(Collected data)
- Opening Delimiter -
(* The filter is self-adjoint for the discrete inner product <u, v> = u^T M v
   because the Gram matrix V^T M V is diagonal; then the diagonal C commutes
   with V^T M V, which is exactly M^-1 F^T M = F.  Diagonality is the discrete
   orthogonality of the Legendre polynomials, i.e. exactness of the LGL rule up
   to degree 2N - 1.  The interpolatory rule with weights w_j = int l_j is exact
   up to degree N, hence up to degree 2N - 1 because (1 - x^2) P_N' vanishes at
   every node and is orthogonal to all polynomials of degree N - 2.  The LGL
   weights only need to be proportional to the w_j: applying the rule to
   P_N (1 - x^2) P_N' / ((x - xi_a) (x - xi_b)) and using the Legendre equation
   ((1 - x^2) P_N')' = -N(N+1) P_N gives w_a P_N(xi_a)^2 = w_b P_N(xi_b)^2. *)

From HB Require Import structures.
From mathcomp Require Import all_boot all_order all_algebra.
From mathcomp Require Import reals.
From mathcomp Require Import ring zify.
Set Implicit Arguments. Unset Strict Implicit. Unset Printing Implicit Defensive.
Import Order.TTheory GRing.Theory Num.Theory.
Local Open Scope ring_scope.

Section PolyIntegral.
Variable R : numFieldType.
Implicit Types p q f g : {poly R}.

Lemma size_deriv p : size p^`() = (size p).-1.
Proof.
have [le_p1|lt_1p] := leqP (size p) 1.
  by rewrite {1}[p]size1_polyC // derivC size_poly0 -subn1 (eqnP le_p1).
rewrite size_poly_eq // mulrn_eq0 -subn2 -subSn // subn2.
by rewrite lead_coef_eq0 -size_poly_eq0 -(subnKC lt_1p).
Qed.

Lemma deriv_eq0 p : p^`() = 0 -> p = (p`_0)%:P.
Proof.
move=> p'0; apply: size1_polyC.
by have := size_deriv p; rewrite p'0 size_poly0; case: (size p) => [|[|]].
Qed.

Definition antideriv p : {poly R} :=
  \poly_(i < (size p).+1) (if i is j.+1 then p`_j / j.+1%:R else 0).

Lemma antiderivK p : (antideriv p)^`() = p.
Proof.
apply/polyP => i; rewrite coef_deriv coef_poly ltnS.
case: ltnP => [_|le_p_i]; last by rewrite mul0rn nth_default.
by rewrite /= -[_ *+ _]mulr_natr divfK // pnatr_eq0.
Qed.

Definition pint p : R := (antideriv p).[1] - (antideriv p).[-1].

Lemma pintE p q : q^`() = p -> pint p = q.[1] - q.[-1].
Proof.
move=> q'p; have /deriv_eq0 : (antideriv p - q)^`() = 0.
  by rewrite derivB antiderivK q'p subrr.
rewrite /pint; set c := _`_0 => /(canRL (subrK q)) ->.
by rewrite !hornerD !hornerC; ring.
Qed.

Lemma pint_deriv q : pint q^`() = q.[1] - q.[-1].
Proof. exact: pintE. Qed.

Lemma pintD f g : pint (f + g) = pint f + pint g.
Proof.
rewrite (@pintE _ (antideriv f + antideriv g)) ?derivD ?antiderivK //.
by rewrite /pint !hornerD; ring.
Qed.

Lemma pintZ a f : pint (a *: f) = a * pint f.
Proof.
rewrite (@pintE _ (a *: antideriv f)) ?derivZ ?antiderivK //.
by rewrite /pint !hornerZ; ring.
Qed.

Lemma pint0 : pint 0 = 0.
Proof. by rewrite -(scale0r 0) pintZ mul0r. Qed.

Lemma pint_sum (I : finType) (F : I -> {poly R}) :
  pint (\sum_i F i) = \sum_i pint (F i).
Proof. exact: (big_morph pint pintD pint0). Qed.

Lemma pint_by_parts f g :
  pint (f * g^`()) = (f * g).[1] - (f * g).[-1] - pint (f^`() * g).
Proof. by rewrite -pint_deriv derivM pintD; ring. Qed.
- Closing Delimiter -
- Opening Delimiter -
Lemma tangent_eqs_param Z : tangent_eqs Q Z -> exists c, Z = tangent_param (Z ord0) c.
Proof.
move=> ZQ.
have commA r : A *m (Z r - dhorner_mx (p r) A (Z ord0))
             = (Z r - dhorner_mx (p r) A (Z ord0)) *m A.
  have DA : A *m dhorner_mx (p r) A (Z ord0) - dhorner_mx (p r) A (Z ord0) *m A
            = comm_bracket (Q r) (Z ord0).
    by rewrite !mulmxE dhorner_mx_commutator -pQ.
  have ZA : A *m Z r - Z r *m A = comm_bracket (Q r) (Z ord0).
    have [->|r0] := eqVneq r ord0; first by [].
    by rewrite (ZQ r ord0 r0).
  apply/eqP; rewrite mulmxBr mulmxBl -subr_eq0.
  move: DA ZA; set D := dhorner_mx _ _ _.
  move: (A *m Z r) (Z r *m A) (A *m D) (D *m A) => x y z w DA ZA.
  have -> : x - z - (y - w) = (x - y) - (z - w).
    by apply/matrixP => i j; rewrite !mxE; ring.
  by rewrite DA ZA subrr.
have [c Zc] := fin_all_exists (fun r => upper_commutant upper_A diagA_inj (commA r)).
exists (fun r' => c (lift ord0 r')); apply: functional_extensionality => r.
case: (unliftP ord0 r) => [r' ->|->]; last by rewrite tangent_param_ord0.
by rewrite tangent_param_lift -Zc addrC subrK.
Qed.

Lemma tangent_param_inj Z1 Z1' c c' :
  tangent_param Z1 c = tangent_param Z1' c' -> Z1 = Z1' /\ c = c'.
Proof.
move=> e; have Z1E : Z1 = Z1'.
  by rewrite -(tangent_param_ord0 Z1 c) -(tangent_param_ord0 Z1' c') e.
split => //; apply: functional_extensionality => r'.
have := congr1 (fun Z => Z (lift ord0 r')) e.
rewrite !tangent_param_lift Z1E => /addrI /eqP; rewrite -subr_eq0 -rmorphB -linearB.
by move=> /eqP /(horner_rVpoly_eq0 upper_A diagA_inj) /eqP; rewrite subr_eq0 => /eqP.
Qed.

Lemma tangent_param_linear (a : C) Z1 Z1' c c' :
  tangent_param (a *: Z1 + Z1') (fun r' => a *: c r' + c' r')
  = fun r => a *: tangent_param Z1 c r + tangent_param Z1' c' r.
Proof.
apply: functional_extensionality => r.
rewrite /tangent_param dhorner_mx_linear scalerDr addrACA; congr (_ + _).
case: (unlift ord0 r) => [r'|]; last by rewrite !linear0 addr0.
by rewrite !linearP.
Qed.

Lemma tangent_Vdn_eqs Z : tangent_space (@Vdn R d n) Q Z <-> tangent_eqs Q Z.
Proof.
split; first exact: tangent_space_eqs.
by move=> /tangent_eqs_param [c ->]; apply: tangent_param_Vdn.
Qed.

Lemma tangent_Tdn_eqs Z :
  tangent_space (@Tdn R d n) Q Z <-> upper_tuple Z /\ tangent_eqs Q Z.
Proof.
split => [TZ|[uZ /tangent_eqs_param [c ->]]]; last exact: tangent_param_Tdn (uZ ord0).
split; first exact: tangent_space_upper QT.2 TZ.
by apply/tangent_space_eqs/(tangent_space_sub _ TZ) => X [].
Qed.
- Closing Delimiter -
- Opening Delimiter -
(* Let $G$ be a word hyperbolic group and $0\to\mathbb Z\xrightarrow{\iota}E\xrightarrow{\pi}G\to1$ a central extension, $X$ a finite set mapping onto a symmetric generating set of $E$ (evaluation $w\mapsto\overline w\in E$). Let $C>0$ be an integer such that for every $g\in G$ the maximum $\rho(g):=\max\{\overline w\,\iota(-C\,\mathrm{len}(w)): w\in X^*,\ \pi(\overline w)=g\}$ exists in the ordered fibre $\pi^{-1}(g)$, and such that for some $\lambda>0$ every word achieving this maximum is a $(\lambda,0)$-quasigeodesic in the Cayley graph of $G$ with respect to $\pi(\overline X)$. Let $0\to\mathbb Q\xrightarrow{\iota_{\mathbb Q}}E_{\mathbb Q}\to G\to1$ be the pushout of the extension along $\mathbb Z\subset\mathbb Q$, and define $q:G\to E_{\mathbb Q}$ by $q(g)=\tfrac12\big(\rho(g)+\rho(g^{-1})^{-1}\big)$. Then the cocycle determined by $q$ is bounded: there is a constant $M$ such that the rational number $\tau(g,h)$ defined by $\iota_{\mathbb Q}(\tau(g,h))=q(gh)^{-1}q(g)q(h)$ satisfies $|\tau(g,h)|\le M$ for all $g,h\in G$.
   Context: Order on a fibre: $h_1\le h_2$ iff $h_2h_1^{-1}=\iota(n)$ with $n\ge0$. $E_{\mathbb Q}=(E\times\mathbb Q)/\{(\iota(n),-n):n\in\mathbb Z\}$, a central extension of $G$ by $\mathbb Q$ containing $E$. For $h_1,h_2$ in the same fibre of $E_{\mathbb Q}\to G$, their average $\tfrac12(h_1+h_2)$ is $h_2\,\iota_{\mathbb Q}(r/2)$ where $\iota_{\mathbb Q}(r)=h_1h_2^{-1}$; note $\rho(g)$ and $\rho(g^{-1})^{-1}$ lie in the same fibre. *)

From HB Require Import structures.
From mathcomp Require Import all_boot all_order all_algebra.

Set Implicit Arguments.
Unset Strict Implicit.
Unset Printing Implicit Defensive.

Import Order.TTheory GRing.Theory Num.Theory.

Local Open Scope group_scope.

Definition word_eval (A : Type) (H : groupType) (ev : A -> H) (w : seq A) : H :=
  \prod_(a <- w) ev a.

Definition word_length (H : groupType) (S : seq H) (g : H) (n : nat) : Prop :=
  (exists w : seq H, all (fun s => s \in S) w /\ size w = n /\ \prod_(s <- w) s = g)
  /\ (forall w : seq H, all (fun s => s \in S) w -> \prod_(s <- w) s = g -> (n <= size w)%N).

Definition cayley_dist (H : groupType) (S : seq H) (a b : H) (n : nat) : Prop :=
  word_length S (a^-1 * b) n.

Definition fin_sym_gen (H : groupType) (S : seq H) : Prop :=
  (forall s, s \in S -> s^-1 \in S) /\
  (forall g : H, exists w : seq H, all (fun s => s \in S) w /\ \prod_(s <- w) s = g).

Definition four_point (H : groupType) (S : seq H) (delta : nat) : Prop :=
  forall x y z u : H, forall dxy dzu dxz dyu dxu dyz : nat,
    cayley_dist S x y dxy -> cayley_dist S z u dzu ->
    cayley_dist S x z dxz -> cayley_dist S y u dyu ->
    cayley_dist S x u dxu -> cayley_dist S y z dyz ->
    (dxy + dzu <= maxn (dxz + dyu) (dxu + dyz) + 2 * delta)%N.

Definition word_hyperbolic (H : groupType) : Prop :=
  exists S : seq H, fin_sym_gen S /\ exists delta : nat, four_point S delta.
- Closing Delimiter -
-- What needs to be done --
Write down, word for word, the lines above from the one containing "From mathcomp Require Import ring zify." through the one containing "Implicit Types p", both ends included.

-- Solution below --
From mathcomp Require Import ring zify.
Set Implicit Arguments. Unset Strict Implicit. Unset Printing Implicit Defensive.
Import Order.TTheory GRing.Theory Num.Theory.
Local Open Scope ring_scope.

Section PolyIntegral.
Variable R : numFieldType.
Implicit Types p q f g : {poly R}.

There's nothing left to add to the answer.